My biological mother died unexpectedly when I was six months old, leaving my eighteen-month-old older brother and me with a single parent. To say my father was devastated is without question. After my mother’s funeral, he left my brother and I with my grandmother and returned to New York. Eighteen months afterward, he returned and took us to New York. There, we met the woman who would become my stepmother. She raised me as her own, but the road was a rocky one. Like Mattson, I had a stepparent with abusive tendencies and a father who later admitted he should have stepped in.
To this day I can recall my father sitting in our living room in Brooklyn, telling me Mother was not the woman who had given birth to me. I was five years old. After that, the first time my mother hit me I dependably told her, “Don’t put your hands on me. You’re not my real mother!” After I got up off the floor and regained my senses, I never made that particular comment again. This was only the beginning of a pattern of treatment exhibited by my stepmother toward me but not my siblings. On another such event, my mother beat me with her high-heeled shoe. Later, she and my father—who was a truck driver and often away from home—sent me to a psychiatrist. Dr. Pelligrini only saw me for a handful of sessions and told them, I presume, that I was normal.
After my parents divorced, Dad told me he would come in off the road only to hear from my mother, “Jimi this and Jimi that!” He grew tired of hearing such complaints, so he became distant. My sister, who is ten years younger, would later observe that I was the most aggressive out of her three older brothers, and had a tendency to “get under Mommy’s skin.” My brothers would probably agree. I was an extremely aggressive adolescent, and those were tough years until I left for college. Ironically, once I was gone, the relationship between my mother and I improved, and I came to appreciate how she made sure we went to the best schools, dressed well, and never went hungry. Perhaps we all have our childhood demons, and it is how we face those demons that defines who we are. However, while my story and Mattson’s share many parallels, he went down a much darker path.

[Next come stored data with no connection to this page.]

(* Let $K_{5,6}$ be the complete bipartite graph with bipartition $(X,Y)$, $X=\{x_1,\dots,x_5\}$, $Y=\{y_1,\dots,y_6\}$, and let $S=\{x_1,x_2,y_1,y_2\}$. Then $\kappa^*_{K_{5,6}}(S)=4$.
   Context: For $S\subseteq V(G)$ with $|S|\ge 2$, an $S$-Steiner tree of $G$ is a subtree $T$ of $G$ with $S\subseteq V(T)$ all of whose leaves belong to $S$. A family of $S$-Steiner trees $T_1,\dots,T_k$ is completely independent if for all $1\le p<q\le k$: $E(T_p)\cap E(T_q)=\emptyset$, $V(T_p)\cap V(T_q)=S$, and for any two vertices $x_1,x_2\in S$ the $(x_1,x_2)$-paths in $T_p$ and in $T_q$ are internally disjoint. $\kappa^*_G(S)$ is the maximum number of trees in a completely independent family of $S$-Steiner trees in $G$. *)

From mathcomp Require Import all_boot.
Set Implicit Arguments. Unset Strict Implicit. Unset Printing Implicit Defensive.

Section Steiner.
Variables (T : finType) (G : rel T).

Definition is_graph_edge (e : {set T}) : bool :=
  [exists u, exists v, [&& u != v, G u v & e == [set u; v]]].

Definition eadj (E : {set {set T}}) : rel T :=
  fun a b => (a != b) && ([set a; b] \in E).

(* p is (the tail of) a path x = x :: p ... y using only edges of E *)
Definition path_in (E : {set {set T}}) (x y : T) (p : seq T) : bool :=
  [&& path (eadj E) x p, last x p == y & uniq (x :: p)].

Definition is_cycle_in (E : {set {set T}}) (c : seq T) : bool :=
  [&& 2 < size c, uniq c & cycle (eadj E) c].

Definition is_subtree (VT : {set T}) (ET : {set {set T}}) : Prop :=
  [/\ forall e, e \in ET -> is_graph_edge e && (e \subset VT),
      forall u v, u \in VT -> v \in VT -> exists p, path_in ET u v p
    & forall c, ~~ is_cycle_in ET c].

Definition tree_deg (ET : {set {set T}}) (v : T) : nat := #|[set e in ET | v \in e]|.

Definition steiner_tree (S : {set T}) (t : {set T} * {set {set T}}) : Prop :=
  [/\ is_subtree t.1 t.2, S \subset t.1 &
      forall v, v \in t.1 -> tree_deg t.2 v = 1 -> v \in S].

Definition compl_indep (S : {set T}) (k : nat)
    (F : 'I_k -> {set T} * {set {set T}}) : Prop :=
  (forall i, steiner_tree S (F i)) /\
  (forall i j, i != j ->
     [/\ (F i).2 :&: (F j).2 = set0,
         (F i).1 :&: (F j).1 = S &
         forall x1 x2 p1 p2, x1 \in S -> x2 \in S ->
           path_in (F i).2 x1 x2 p1 -> path_in (F j).2 x1 x2 p2 ->
           forall v, v \in x1 :: p1 -> v \in x1 :: p2 -> v = x1 \/ v = x2]).

Definition kappa_star_eq (S : {set T}) (n : nat) : Prop :=
  (exists F : 'I_n -> {set T} * {set {set T}}, compl_indep S F) /\
  (forall k (F : 'I_k -> {set T} * {set {set T}}), compl_indep S F -> k <= n).

End Steiner.

Definition K56V : finType := ('I_5 + 'I_6)%type.
Definition K56 : rel K56V := fun u v =>
  match u, v with inl _, inr _ | inr _, inl _ => true | _, _ => false end.

Definition x_ (i : nat) : K56V := inl (inord i).
Definition y_ (i : nat) : K56V := inr (inord i).
(* S = {x1, x2, y1, y2} (0-based indices 0,1) *)
Definition S56 : {set K56V} := [set x_ 0; x_ 1; y_ 0; y_ 1].

From mathcomp Require Import all_boot zify.
Set Implicit Arguments. Unset Strict Implicit. Unset Printing Implicit Defensive.

(* Write S = {x0, x1, y0, y1} and let X, Y be the two sides.
   Four trees: for (a, b) = (x2, y2), (x3, y3), (x4, y4) the double star with
   edges a y0, a y1, b x0, b x1, a b, in which every vertex of S is a leaf, and
   the path y0 x0 y1 x1.
   At most four: for s, t in S on the same side, the vertex following s on the
   s-t path of a tree lies on the other side, hence is an inner vertex of that
   path, so these first steps differ from tree to tree.  The first steps from
   y0 towards y1 thus inject the family into X, giving k <= 5.  If k = 5 they
   exhaust X, which forces x0 y0, x0 y1 into one tree a and x1 y0, x1 y1 into
   another tree b; the first steps from x0 towards x1 (from x1 towards x0 in
   tree a) then inject the family into Y minus {y0, y1}, giving k <= 4. *)

Section TreePaths.
Variable T : finType.
Implicit Types (E : {set {set T}}) (V : {set T}) (a b h u v w : T) (p q c : seq T).

Lemma set2_eqE a b u v :
  ([set a; b] == [set u; v]) = (a == u) && (b == v) || (a == v) && (b == u).
Proof.
apply/idP/idP => [/eqP E|]; last first.
  by case/orP=> /andP [/eqP -> /eqP ->]; rewrite // setUC.
move: (set21 a b) (set22 a b) (set21 u v) (set22 u v).
rewrite {1 2}E -{3 4}E !inE.
have [-> _|_ /= /eqP -> _ /eqP ->] := eqVneq a u; last by rewrite !eqxx.
have [//|_] := eqVneq b v; rewrite !orbF => /eqP -> _ /eqP ->.
by rewrite !eqxx.
Qed.

Lemma eadj_sym E : symmetric (eadj E).
Proof. by move=> a b; rewrite /eadj eq_sym setUC. Qed.

Lemma path_in_rev E a b p : path_in E a b p ->
  exists2 q, path_in E b a q & a :: p =i b :: q.
Proof.
case/and3P=> pth /eqP lst uq.
have rev_ap : rev (a :: p) = b :: rev (belast a p) by rewrite lastI rev_rcons lst.
exists (rev (belast a p)); last by move=> v; rewrite -rev_ap mem_rev.
apply/and3P; split; last by rewrite -rev_ap rev_uniq.
- have := rev_path (eadj E) a p; rewrite lst => ->.
  by rewrite (@eq_path _ _ (eadj E)) // => x y; rewrite eadj_sym.
- by rewrite -[_ == a]/(last b (b :: _) == a) -rev_ap rev_cons last_rcons.
Qed.

Lemma path_in_inner_nbrs E a b p v : path_in E a b p -> v \in p -> v != b ->
  exists u w, [/\ u != w, eadj E v u & eadj E v w].
Proof.
case/and3P=> pth /eqP lst uq /splitPr vp; case: vp pth lst uq => p1 p2.
rewrite cat_path last_cat -cat_cons cat_uniq => /andP [_ /= /andP [Ev]].
case: p2 => [_ /= -> _|w p2 /andP [Evw _] _ /and3P [_ /norP [_ /norP [wNp1 _]] _] _];
  first by rewrite eqxx.
exists (last a p1), w; split => //; last by rewrite eadj_sym.
by apply: contraNneq wNp1 => <-; rewrite mem_last.
Qed.

Lemma cycle_nbrs E c v : is_cycle_in E c -> v \in c ->
  exists u w, [/\ u != w, eadj E v u & eadj E v w].
Proof.
case/and3P=> sz uq cy /rot_to [i s rot_c].
move: cy uq sz; rewrite -(rot_cycle i) -(rot_uniq i) -(size_rot i) rot_c.
case: s {rot_c} => [|w [|z s]] //= /andP [Evw]; rewrite rcons_path.
case/andP=> _ /andP [_ Ezv] /andP [_ /andP [wNzs _]] _.
exists w, (last z s); split => //; last by rewrite eadj_sym.
by apply: contraNneq wNzs => ->; rewrite mem_last.
Qed.

Lemma eadj_sub E V u v :
  (forall e, e \in E -> e \subset V) -> eadj E u v -> (u \in V) && (v \in V).
Proof. by move=> EV /andP [_ /EV]; rewrite subUset !sub1set. Qed.

Lemma path_in_sub E V a b p v : (forall e, e \in E -> e \subset V) ->
  path_in E a b p -> v \in p -> v \in V.
Proof.
move=> EV /and3P [pth _ _] /splitPr vp; case: vp pth => p1 p2.
by rewrite cat_path /= => /and3P [_ /(eadj_sub EV) /andP [_ ->]].
Qed.

Lemma path_in_of_hub E V h : (forall v, v \in V -> connect (eadj E) v h) ->
  forall u v, u \in V -> v \in V -> exists p, path_in E u v p.
Proof.
move=> to_h u v uV vV.
have /connectP [p pth ->] : connect (eadj E) u v.
  apply: connect_trans (to_h _ uV) _.
  by rewrite (sym_connect_sym (@eadj_sym E)) to_h.
by have [q qpth quq _] := shortenP pth; exists q; apply/and3P.
Qed.

Lemma acyclic_of_branch2 E a b :
  (forall v u w, u != w -> eadj E v u -> eadj E v w -> v \in [:: a; b]) ->
  forall c, ~~ is_cycle_in E c.
Proof.
move=> branch c; apply/negP => cyc.
have sub : {subset c <= [:: a; b]}.
  by move=> v /(cycle_nbrs cyc) [u [w [uw Evu Evw]]]; apply: branch Evu Evw.
case/and3P: cyc => sz uq _.
by have := uniq_leq_size uq sub; rewrite leqNgt sz.
Qed.

Lemma tree_deg_gt1 E v e1 e2 : e1 \in E -> e2 \in E -> v \in e1 -> v \in e2 ->
  e1 != e2 -> 1 < tree_deg E v.
Proof.
move=> e1E e2E ve1 ve2 e12; have <- : #|[set e1; e2]| = 2 by rewrite cards2 e12.
by apply: subset_leq_card; apply/subsetP => e; rewrite !inE => /orP [] /eqP ->;
  apply/andP.
Qed.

Mattson’s parents, Jackie Barbara Harkness and Dee Junior Mattson, were married in Salt Lake City on June 9, 1950. Little did they dream they would deliver a monster into the world three years later. Michael was raised by a stepparent after his parents divorced and his mother remarried. From the age of six on, Mattson was abused by both his biological father and his stepfather. He also saw a psychiatrist in his younger years. Mattson’s siblings were also witness to how their father abused their mother, an experience I never encountered with my parents.
Growing up, Mattson was known to have a significant amount of fights, another thing he and I had in common. When I applied to the Los Angeles County Sheriff’s Department, recruits had to fill out a psychological questionnaire as a part of the background check. One of the questions asked about the number of fights I had been in while growing up. I put down twelve, a number which, quite honestly, was a little light. The psychologist who interviewed me expressed her concern I may be “too aggressive for the job.” When I asked her why she felt that way and she brought up the number of fights I had been in as a youngster, I explained mine was the only black family in our upstate New York town,  and my siblings and I the only black kids in the school we attended. As a result, I had to physically explain to some kids that I would not abide being called a “nigger.” She passed me with flying colors.
Drug use is another divergence on mine and Mattson’s paths. I didn’t see drugs until I went to college, whereas Mattson was introduced at a young age. For him, angel dust (PCP), sleeping pills, marijuana, LSD, and an overabundance of alcohol were an escape from the horrors of his everyday life. Mine was different; I found solace with sports and scouting and became an Eagle Scout, my first major accomplishment. My parents never saw me play sports, nor were they at my eighth grade or high school graduations. They were, however, present when I received my Eagle award—an unforgettable moment.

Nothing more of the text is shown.